# [ABOUT THIS TASK]
Reproduce word for word the lines between those holding "by apply: emxRM0; rewrite ?(ltW xy)" and "rewrite rcons_path last_rcons", inclusive, and nothing else from the data below.
Start of EXERCISE MATERIAL
Lemma F2_bounded_unit_nilpotent : is_F2 K -> bounded X -> unit_group_nilpotent X K.
Proof.
move=> F2 /bounded_chain_supported_eq0[N vanish]; exists N => g.
by move=> /(grp_gamma_in_cong F2)[a /vanish -> ->]; rewrite addr0.
Qed.

Definition dscale (k : K) (x : X) : R := diagR (fun u => if u == x then k else 1).

Lemma dscaleM k l x : dscale k x * dscale l x = dscale (k * l) x.
Proof.
rewrite diagRM; congr diagR; apply/funext => u /=.
by case: (u == x); rewrite ?mulr1.
Qed.

Lemma dscale1 x : dscale 1 x = 1.
Proof. by rewrite /dscale -diagR1; congr diagR; apply/funext => u; case: (u == x). Qed.

Lemma dscale_conj k c x y : x != y ->
  dscale k^-1 x * (emxR c x y * dscale k x) = emxR (k^-1 * c) x y.
Proof.
move=> xy; apply: FI_ext => u v.
rewrite !fivalM /= (conv_diagml _ _ _ (FI_conv (FI_emx _ _ _) (FI_diagm _))).
rewrite (conv_diagmr _ _ _ (FI_emx _ _ _)) /emx.
case: (u == x); rewrite /= ?mul0r ?mulr0 //.
case: (eqVneq v y) => [->|_]; rewrite ?andbF ?mul0r ?mulr0 //= eq_sym (negPf xy).
by case: (x <= y)%O; rewrite ?mulr1 ?mulr0.
Qed.

Lemma grp_gamma_emxR_nonF2 (k c : K) n x y : k != 0 -> k != 1 -> (x < y)%O ->
  c != 0 -> grp_gamma n (fival (1 + emxR c x y)).
Proof.
move=> k0 k1 xy; have xy' := lt_eqF xy.
have exy (a b : K) : emxR a x y * emxR b x y = 0.
  by apply: emxRM0; rewrite ?(ltW xy) // eq_sym xy'.
have k1' : k^-1 - 1 != 0.
  by rewrite subr_eq0 -[1]invr1; apply: contra k1 => /eqP/invr_inj ->.
have Dunit : dscale k^-1 x * dscale k x = 1 /\ dscale k x * dscale k^-1 x = 1.
  by rewrite !dscaleM mulVf // mulfV // dscale1.
elim: n c => [|n IH] c c0; first exact: is_unit_oneD (exy c c).
(* [1 + c' e_xy, dscale k x] = 1 + (k^-1 - 1) c' e_xy *)
pose c' := c / (k^-1 - 1); have c'0 : c' != 0 by rewrite mulf_neq0 ?invr_eq0.
have [inv1 inv2] := oneD_sqr0_inv (exy c' c'); have [DiD DDi] := Dunit.
apply: gs_gen; exists (fival (1 + emxR c' x y)), (fival (dscale k x)),
  (fival (1 - emxR c' x y)), (fival (dscale k^-1 x)); split.
- exact: IH.
- by exists (fival (dscale k^-1 x)); apply: is_inv_fival.
- exact: is_inv_fival.
- exact: is_inv_fival.
- rewrite -!fivalM (conj_oneD (e3 := emxR (k^-1 * c') x y)) ?dscale_conj ?xy' //;
    last by rewrite mulNr exy oppr0.
  rewrite -emxRN emxRD; congr (fival (1 + emxR _ x y)).
  by rewrite /c' addrC -[X in _ - X]mul1r -mulrBl mulrC divfK.
Qed.

Lemma unit_nilpotent_F2 : (exists x y : X, (x < y)%O) ->
  unit_group_nilpotent X K -> is_F2 K.
Proof.
move=> [x [y xy]] [n nilp]; apply: contrapT => /not_F2_exists[k [k0 k1]].
apply: (oneD_emxR_neq1 xy (oner_neq0 K)); apply: nilp.
exact: grp_gamma_emxR_nonF2 k0 k1 xy (oner_neq0 K).
Qed.

Lemma grp_gamma_chain (t : seq X) (u w : X) : path <%O u (rcons t w) ->
  grp_gamma (size t) (fival (1 + emxR 1 u w)).
Proof.
have sq0 p q : (p < q)%O -> emxR 1 p q * emxR 1 p q = 0.
  by move=> pq; apply: emxRM0; rewrite ?(ltW pq) // eq_sym lt_eqF.
elim/last_ind: t u w => [|t v IH] u w; first by case/andP => uw _; apply/is_unit_oneD/sq0.
rewrite rcons_path last_rcons => /andP[ptv vw].
have uv : (u < v)%O.
  by apply: (allP (order_path_min lt_trans ptv)); rewrite mem_rcons mem_head.
have [uv1 uv2] := oneD_sqr0_inv (sq0 _ _ uv); have [vw1 vw2] := oneD_sqr0_inv (sq0 _ _ vw).
rewrite size_rcons /=; apply: gs_gen.
exists (fival (1 + emxR 1 u v)), (fival (1 + emxR 1 v w)),
  (fival (1 - emxR 1 u v)), (fival (1 - emxR 1 v w)); split.
- exact: IH.
- exact/is_unit_oneD/sq0.
- exact: is_inv_fival.
- exact: is_inv_fival.
- rewrite -!fivalM commutator_oneD ?sq0 ?emxRM ?(ltW uv) ?(ltW vw) ?mulr1 //.
  by apply: emxRM0; rewrite ?(ltW vw) // eq_sym (lt_eqF (lt_trans uv vw)).
Qed.

Lemma long_chain_path n (s : seq X) : uniq s ->
  {in s &, forall x y, (x <= y)%O || (y <= x)%O} -> (n.+1 < size s)%N ->
  exists (u w : X) (t : seq X), path <%O u (rcons t w) /\ size t = n.
Proof.
move=> us cs long.
have : sorted <%O (sort <=%O s).
  rewrite lt_sorted_uniq_le sort_uniq us /=.
  by apply: (sort_sorted_in (P := [in s])) (allss s) => a b ha hb; apply: cs.
have : (n.+1 < size (sort <=%O s))%N by rewrite size_sort.
case: (sort <=%O s) => [//|u r] /= /ltnSE long' pr.
have : path <%O u (take n.+1 r).
  by move: pr; rewrite -{1}[r](cat_take_drop n.+1) cat_path => /andP[].
have : size (take n.+1 r) = n.+1 by rewrite size_takel.
case/lastP: (take n.+1 r) => [//|t w]; rewrite size_rcons => -[tn] ptw.
by exists u, w, t.
Qed.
End of EXERCISE MATERIAL
# [WRITTEN SOLUTION]
  by apply: emxRM0; rewrite ?(ltW xy) // eq_sym xy'.
have k1' : k^-1 - 1 != 0.
  by rewrite subr_eq0 -[1]invr1; apply: contra k1 => /eqP/invr_inj ->.
have Dunit : dscale k^-1 x * dscale k x = 1 /\ dscale k x * dscale k^-1 x = 1.
  by rewrite !dscaleM mulVf // mulfV // dscale1.
elim: n c => [|n IH] c c0; first exact: is_unit_oneD (exy c c).
(* [1 + c' e_xy, dscale k x] = 1 + (k^-1 - 1) c' e_xy *)
pose c' := c / (k^-1 - 1); have c'0 : c' != 0 by rewrite mulf_neq0 ?invr_eq0.
have [inv1 inv2] := oneD_sqr0_inv (exy c' c'); have [DiD DDi] := Dunit.
apply: gs_gen; exists (fival (1 + emxR c' x y)), (fival (dscale k x)),
  (fival (1 - emxR c' x y)), (fival (dscale k^-1 x)); split.
- exact: IH.
- by exists (fival (dscale k^-1 x)); apply: is_inv_fival.
- exact: is_inv_fival.
- exact: is_inv_fival.
- rewrite -!fivalM (conj_oneD (e3 := emxR (k^-1 * c') x y)) ?dscale_conj ?xy' //;
    last by rewrite mulNr exy oppr0.
  rewrite -emxRN emxRD; congr (fival (1 + emxR _ x y)).
  by rewrite /c' addrC -[X in _ - X]mul1r -mulrBl mulrC divfK.
Qed.

Lemma unit_nilpotent_F2 : (exists x y : X, (x < y)%O) ->
  unit_group_nilpotent X K -> is_F2 K.
Proof.
move=> [x [y xy]] [n nilp]; apply: contrapT => /not_F2_exists[k [k0 k1]].
apply: (oneD_emxR_neq1 xy (oner_neq0 K)); apply: nilp.
exact: grp_gamma_emxR_nonF2 k0 k1 xy (oner_neq0 K).
Qed.

Lemma grp_gamma_chain (t : seq X) (u w : X) : path <%O u (rcons t w) ->
  grp_gamma (size t) (fival (1 + emxR 1 u w)).
Proof.
have sq0 p q : (p < q)%O -> emxR 1 p q * emxR 1 p q = 0.
  by move=> pq; apply: emxRM0; rewrite ?(ltW pq) // eq_sym lt_eqF.
elim/last_ind: t u w => [|t v IH] u w; first by case/andP => uw _; apply/is_unit_oneD/sq0.
rewrite rcons_path last_rcons => /andP[ptv vw].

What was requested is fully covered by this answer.